▶ _Work order_:
If a line of the records contains the string "Stdlib", copy it out.

************

(* Let $t>0$ and let $P,Q$ be $t$-convex polygons in the Lorentz plane with parallel edges, i.e. with the same inward unit normals $\eta_1,\dots,\eta_n$ of their fundamental edges, and with support vectors $h(P)=(h_1(P),\dots,h_n(P))$, $h(Q)=(h_1(Q),\dots,h_n(Q))$. Then $$\operatorname{coarea}(P,Q)^2\leq \operatorname{coarea}(P)\operatorname{coarea}(Q),$$ with equality if and only if $P$ and $Q$ are homothetic, i.e. there is $\lambda>0$ with $h_i(P)=\lambda h_i(Q)$ for all $i$.
   Context: Lorentz plane: $\mathbb{R}^2$ with $\langle x,y\rangle_1=x_1y_1-x_2y_2$; $\mathbb{H}=\{x:\langle x,x\rangle_1=-1,x_2>0\}$; $H_s=\begin{pmatrix}\cosh s&\sinh s\\ \sinh s&\cosh s\end{pmatrix}$. A $t$-convex polygon is the intersection, over $k\in\mathbb{Z}$ and $i=1,\dots,n$, of the half-planes $\{x:\langle x,H_t^k\eta_i\rangle_1\le -h_i\}$, for pairwise distinct $\eta_i\in\mathbb{H}$ and $h_i>0$, taken minimal so each $\eta_i$ is the inward normal of a genuine edge. Its fundamental edges are labeled so that $\eta_1$ is the normal of a chosen edge, $\eta_2$ the normal of the edge to its right, etc., up to $\eta_{n+1}=H_t\eta_1$; $h_i(P)$ is the support number of the edge with normal $\eta_i$; $\varphi_i>0$ is defined by $\cosh\varphi_i=-\langle\eta_i,\eta_{i+1}\rangle_1$, so $\varphi_1+\dots+\varphi_n=t$. With indices cyclic mod $n$, the mixed coarea of $h,k\in\mathbb{R}^n$ is $\operatorname{coarea}(h,k)=\frac12\sum_{i=1}^n\big( h_i\frac{k_i\cosh\varphi_{i-1}-k_{i-1}}{\sinh\varphi_{i-1}}+h_i\frac{k_i\cosh\varphi_i-k_{i+1}}{\sinh\varphi_i}\big)$; $\operatorname{coarea}(P,Q):=\operatorname{coarea}(h(P),h(Q))$ and $\operatorname{coarea}(P):=\operatorname{coarea}(P,P)$ (which equals half the sum over fundamental edges of support number times Lorentzian edge length). *)

From Stdlib Require Import Reals Lra Lia List.
Import ListNotations.
Open Scope R_scope.

Definition pt := (R * R)%type.

Definition lprod (x y : pt) : R := fst x * fst y - snd x * snd y.

Definition in_H (x : pt) : Prop := lprod x x = -1 /\ 0 < snd x.

Definition boost (s : R) (x : pt) : pt :=
  (cosh s * fst x + sinh s * snd x, sinh s * fst x + cosh s * snd x).

(* H_t^k = H_{k t} for k : Z. *)
Definition boost_pow (t : R) (k : Z) (x : pt) : pt := boost (IZR k * t) x.

(* The region cut out by the half-planes <x, H_t^k eta_i> <= -h_i,
   k in Z, 0 <= i < n (indices 0-based: eta 0 .. eta (n-1)). *)
Definition tpoly (t : R) (n : nat) (eta : nat -> pt) (h : nat -> R) (x : pt) : Prop :=
  forall (k : Z) (i : nat), (i < n)%nat -> lprod x (boost_pow t k (eta i)) <= - h i.

Definition genuine_edge (t : R) (n : nat) (eta : nat -> pt) (h : nat -> R) (i : nat) : Prop :=
  exists x y : pt, x <> y /\ tpoly t n eta h x /\ tpoly t n eta h y /\
    lprod x (eta i) = - h i /\ lprod y (eta i) = - h i.

(* Labeling of the fundamental edges: eta_0, ..., eta_{n-1} are consecutive
   edge normals, and the next one after eta_{n-1} is H_t eta_0. Writing points of H
   as (sinh a, cosh a), H_t shifts a by t, so this means
   a_0 < a_1 < ... < a_{n-1} < a_0 + t. *)
Definition labeled (t : R) (n : nat) (eta : nat -> pt) : Prop :=
  exists a : nat -> R,
    (forall i, (i < n)%nat -> eta i = (sinh (a i), cosh (a i))) /\
    (forall i, (i + 1 < n)%nat -> a i < a (i + 1)%nat) /\
    a (n - 1)%nat < a O + t.

Definition tconvex_data (t : R) (n : nat) (eta : nat -> pt) (h : nat -> R) : Prop :=
  (1 <= n)%nat /\
  (forall i, (i < n)%nat -> in_H (eta i)) /\
  (forall i j, (i < n)%nat -> (j < n)%nat -> i <> j -> eta i <> eta j) /\
  (forall i, (i < n)%nat -> 0 < h i) /\
  labeled t n eta /\
  (forall i, (i < n)%nat -> genuine_edge t n eta h i).

Definition nxt (n i : nat) : nat := ((i + 1) mod n)%nat.
Definition prv (n i : nat) : nat := ((i + n - 1) mod n)%nat.

Definition eta_next (t : R) (n : nat) (eta : nat -> pt) (i : nat) : pt :=
  if Nat.eqb (i + 1) n then boost t (eta O) else eta (i + 1)%nat.

Definition cosh_phi (t : R) (n : nat) (eta : nat -> pt) (i : nat) : R :=
  - lprod (eta i) (eta_next t n eta i).
Definition sinh_phi (t : R) (n : nat) (eta : nat -> pt) (i : nat) : R :=
  sqrt (cosh_phi t n eta i ^ 2 - 1).

Definition sumn_R (n : nat) (f : nat -> R) : R :=
  fold_right Rplus 0 (map f (seq 0 n)).

Definition coarea (t : R) (n : nat) (eta : nat -> pt) (h k : nat -> R) : R :=
  / 2 * sumn_R n (fun i =>
    h i * (k i * cosh_phi t n eta (prv n i) - k (prv n i)) / sinh_phi t n eta (prv n i)
  + h i * (k i * cosh_phi t n eta i - k (nxt n i)) / sinh_phi t n eta i).

(* The mixed coarea is a symmetric bilinear form on support vectors: pairing each term
   [h_i k_{i+1}] with its cyclic shift rewrites it as a sum over the edges of the
   forms [(cosh phi_i (a a' + b b') - a b' - b a') / sinh phi_i] in the support numbers
   [a, b] (and [a', b']) of two consecutive edges.  Since [cosh phi_i > 1] each of these
   is positive semidefinite and vanishes only for [a = b = 0], so the coarea form is
   positive definite, and the statement is the Cauchy-Schwarz inequality for it, with
   the usual discriminant argument for the equality case. *)

From Stdlib Require Import Reals Lra Lia Psatz List.
Open Scope R_scope.

Lemma fold_right_Rplus_init (l : list R) (a : R) :
  fold_right Rplus a l = fold_right Rplus 0 l + a.
Proof. induction l as [|x l IH]; simpl; [lra | rewrite IH; lra]. Qed.

Lemma sumn_R_0 (f : nat -> R) : sumn_R 0 f = 0.
Proof. reflexivity. Qed.

Lemma sumn_R_Sr (n : nat) (f : nat -> R) : sumn_R (S n) f = sumn_R n f + f n.
Proof.
  unfold sumn_R. rewrite seq_S, map_app, fold_right_app; simpl.
  rewrite fold_right_Rplus_init. lra.
Qed.

Lemma sumn_R_Sl (n : nat) (f : nat -> R) :
  sumn_R (S n) f = f O + sumn_R n (fun i => f (S i)).
Proof. unfold sumn_R; simpl. rewrite <- seq_shift, map_map. reflexivity. Qed.

Lemma sumn_R_ext (n : nat) (f g : nat -> R) :
  (forall i, (i < n)%nat -> f i = g i) -> sumn_R n f = sumn_R n g.
Proof.
  induction n as [|n IH]; intros Hfg; [reflexivity|].
  rewrite !sumn_R_Sr, (Hfg n), IH by (try (intros; apply Hfg); lia). reflexivity.
Qed.

Lemma sumn_R_add_scal (n : nat) (f g : nat -> R) (x : R) :
  sumn_R n (fun i => f i + x * g i) = sumn_R n f + x * sumn_R n g.
Proof. induction n as [|n IH]; [rewrite !sumn_R_0; lra|]. rewrite !sumn_R_Sr, IH. lra. Qed.

Lemma sumn_R_scal (n : nat) (f : nat -> R) (x : R) :
  sumn_R n (fun i => x * f i) = x * sumn_R n f.
Proof. induction n as [|n IH]; [rewrite !sumn_R_0; lra|]. rewrite !sumn_R_Sr, IH. lra. Qed.

Lemma sumn_R_ge0 (n : nat) (f : nat -> R) :
  (forall i, (i < n)%nat -> 0 <= f i) -> 0 <= sumn_R n f.
Proof.
  induction n as [|n IH]; intros Hf; [rewrite !sumn_R_0; lra|].
  rewrite sumn_R_Sr. pose proof (Hf n ltac:(lia)).
  enough (0 <= sumn_R n f) by lra. apply IH. intros; apply Hf; lia.
Qed.

Lemma sumn_R_eq0 (n : nat) (f : nat -> R) :
  (forall i, (i < n)%nat -> 0 <= f i) -> sumn_R n f = 0 ->
  forall i, (i < n)%nat -> f i = 0.
Proof.
  induction n as [|n IH]; intros Hf Hsum i Hi; [lia|].
  rewrite sumn_R_Sr in Hsum. pose proof (Hf n ltac:(lia)).
  assert (0 <= sumn_R n f) by (apply sumn_R_ge0; intros; apply Hf; lia).
  destruct (Nat.eq_dec i n) as [->|Hin]; [lra|].
  apply IH; [intros; apply Hf; lia | lra | lia].
Qed.

Lemma nxt_lt (n i : nat) : (1 <= n)%nat -> (nxt n i < n)%nat.
Proof. intros; apply Nat.mod_upper_bound; lia. Qed.

Lemma prv_0 (m : nat) : prv (S m) O = m.
Proof. unfold prv. replace (0 + S m - 1)%nat with m by lia. apply Nat.mod_small; lia. Qed.

Lemma prv_S (m i : nat) : (i < m)%nat -> prv (S m) (S i) = i.
Proof.
  intros Hi; unfold prv. replace (S i + S m - 1)%nat with (i + 1 * S m)%nat by lia.
  rewrite Nat.Div0.mod_add. apply Nat.mod_small; lia.
Qed.

Lemma nxt_prv (n i : nat) : (i < n)%nat -> nxt n (prv n i) = i.
Proof.
  intros Hi. destruct n as [|m]; [lia|]. unfold nxt. destruct i as [|i].
  - rewrite prv_0. replace (m + 1)%nat with (S m) by lia. apply Nat.Div0.mod_same.
  - rewrite prv_S by lia. replace (i + 1)%nat with (S i) by lia. apply Nat.mod_small; lia.
Qed.

Lemma sumn_R_prv (n : nat) (f : nat -> R) :
  (1 <= n)%nat -> sumn_R n (fun i => f (prv n i)) = sumn_R n f.
Proof.
  intros Hn. destruct n as [|m]; [lia|].
  rewrite sumn_R_Sl, prv_0, sumn_R_Sr.
  rewrite (sumn_R_ext m _ f) by (intros; rewrite prv_S by lia; reflexivity). lra.
Qed.

Lemma cosh_gt_1 (x : R) : 0 < x -> 1 < cosh x.
Proof.
  intros Hx. unfold cosh. rewrite exp_Ropp.
  pose proof (exp_increasing 0 x Hx) as HE. rewrite exp_0 in HE.
  set (E := exp x) in *.
  replace ((E + / E) / 2) with (1 + (E - 1) ^ 2 / (2 * E)) by (field; lra).
  enough (0 < (E - 1) ^ 2 / (2 * E)) by lra.
  apply Rdiv_lt_0_compat; nra.
Qed.

Lemma lprod_hyperbola (a b : R) :
  lprod (sinh a, cosh a) (sinh b, cosh b) = - cosh (b - a).
Proof.
  unfold lprod, sinh, cosh; simpl. unfold Rminus.
  rewrite Ropp_plus_distr, Ropp_involutive, !exp_plus, !exp_Ropp.
  pose proof (exp_pos a); pose proof (exp_pos b). field; lra.
Qed.

Lemma boost_hyperbola (t a : R) : boost t (sinh a, cosh a) = (sinh (a + t), cosh (a + t)).
Proof.
  unfold boost, sinh, cosh; simpl. rewrite Ropp_plus_distr, !exp_plus, !exp_Ropp.
  pose proof (exp_pos a); pose proof (exp_pos t). f_equal; field; lra.
Qed.

Lemma cosh_phi_gt_1 (t : R) (n : nat) (eta : nat -> pt) (i : nat) :
  labeled t n eta -> (i < n)%nat -> 1 < cosh_phi t n eta i.
Proof.
  intros [a [Ha [Hinc Hlast]]] Hi. unfold cosh_phi, eta_next.
  destruct (Nat.eqb_spec (i + 1) n) as [Hend|Hend].
  - rewrite Ha, (Ha O), boost_hyperbola, lprod_hyperbola, Ropp_involutive by lia.
    apply cosh_gt_1. replace i with (n - 1)%nat by lia. lra.
  - rewrite !Ha, lprod_hyperbola, Ropp_involutive by lia.
    apply cosh_gt_1. enough (a i < a (i + 1)%nat) by lra. apply Hinc; lia.
Qed.

Lemma sinh_phi_pos (t : R) (n : nat) (eta : nat -> pt) (i : nat) :
  labeled t n eta -> (i < n)%nat -> 0 < sinh_phi t n eta i.
Proof.
  intros Hl Hi. apply sqrt_lt_R0. pose proof (cosh_phi_gt_1 t n eta i Hl Hi). nra.
Qed.

Definition edge_form (c a b a' b' : R) : R := c * (a * a' + b * b') - a * b' - b * a'.

Lemma edge_form_ge0 (c a b : R) : 1 <= c -> 0 <= edge_form c a b a b.
Proof.
  intros Hc. unfold edge_form.
  assert (0 <= (c - 1) * (a * a + b * b)) by (apply Rmult_le_pos; nra).
  assert (0 <= (a - b) * (a - b)) by exact (Rle_0_sqr (a - b)).
  lra.
Qed.

Lemma edge_form_eq0 (c a b : R) : 1 < c -> edge_form c a b a b = 0 -> a = 0.
Proof.
  intros Hc Hab. unfold edge_form in Hab.
  assert (Ha2 : (c - 1) * (a * a) <= 0).
  { assert (0 <= (c - 1) * (b * b)) by (apply Rmult_le_pos; nra).
    assert (0 <= (a - b) * (a - b)) by exact (Rle_0_sqr (a - b)).
    lra. }
  assert (a * a <= 0) by (apply (Rmult_le_reg_l (c - 1)); lra).
  nra.
Qed.

Definition coarea_sym (t : R) (n : nat) (eta : nat -> pt) (h k : nat -> R) : R :=
  / 2 * sumn_R n (fun i =>
    edge_form (cosh_phi t n eta i) (h i) (h (nxt n i)) (k i) (k (nxt n i))
    / sinh_phi t n eta i).

Lemma coarea_eq_sym (t : R) (n : nat) (eta : nat -> pt) (h k : nat -> R) :
  (1 <= n)%nat -> coarea t n eta h k = coarea_sym t n eta h k.
Proof.
  intros Hn. unfold coarea, coarea_sym, edge_form. f_equal.
  set (c := cosh_phi t n eta); set (s := sinh_phi t n eta).
  set (incoming := fun j => h (nxt n j) * (k (nxt n j) * c j - k j) / s j).
  set (outgoing := fun i => h i * (k i * c i - k (nxt n i)) / s i).
  transitivity (sumn_R n (fun i => incoming (prv n i) + 1 * outgoing i)).
  { apply sumn_R_ext; intros i Hi. unfold incoming, outgoing. rewrite nxt_prv by exact Hi. ring. }
  rewrite sumn_R_add_scal, sumn_R_prv, <- sumn_R_add_scal by exact Hn.
  apply sumn_R_ext; intros i _. unfold incoming, outgoing, Rdiv. ring.
Qed.

Lemma coarea_sym_ext (t : R) (n : nat) (eta : nat -> pt) (h h' k k' : nat -> R) :
  (1 <= n)%nat ->
  (forall i, (i < n)%nat -> h i = h' i) -> (forall i, (i < n)%nat -> k i = k' i) ->
  coarea_sym t n eta h k = coarea_sym t n eta h' k'.
Proof.
  intros Hn Hh Hk. unfold coarea_sym. f_equal. apply sumn_R_ext; intros i Hi.
  pose proof (nxt_lt n i Hn). rewrite !Hh, !Hk by assumption. reflexivity.
Qed.

Lemma coarea_sym_comm (t : R) (n : nat) (eta : nat -> pt) (h k : nat -> R) :
  coarea_sym t n eta h k = coarea_sym t n eta k h.
Proof.
  unfold coarea_sym, edge_form. f_equal. apply sumn_R_ext; intros i _. f_equal. ring.
Qed.

Lemma coarea_sym_linear_l (t : R) (n : nat) (eta : nat -> pt) (h h' k : nat -> R) (x : R) :
  coarea_sym t n eta (fun i => h i + x * h' i) k
  = coarea_sym t n eta h k + x * coarea_sym t n eta h' k.
Proof.
  unfold coarea_sym.
  rewrite <- (Rmult_assoc x), (Rmult_comm x (/ 2)), Rmult_assoc, <- Rmult_plus_distr_l,
    <- sumn_R_add_scal.
  f_equal. apply sumn_R_ext; intros i _. unfold edge_form, Rdiv. ring.
Qed.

************

▶ _Response to the exercise_:
From Stdlib Require Import Reals Lra Lia List.
From Stdlib Require Import Reals Lra Lia Psatz List.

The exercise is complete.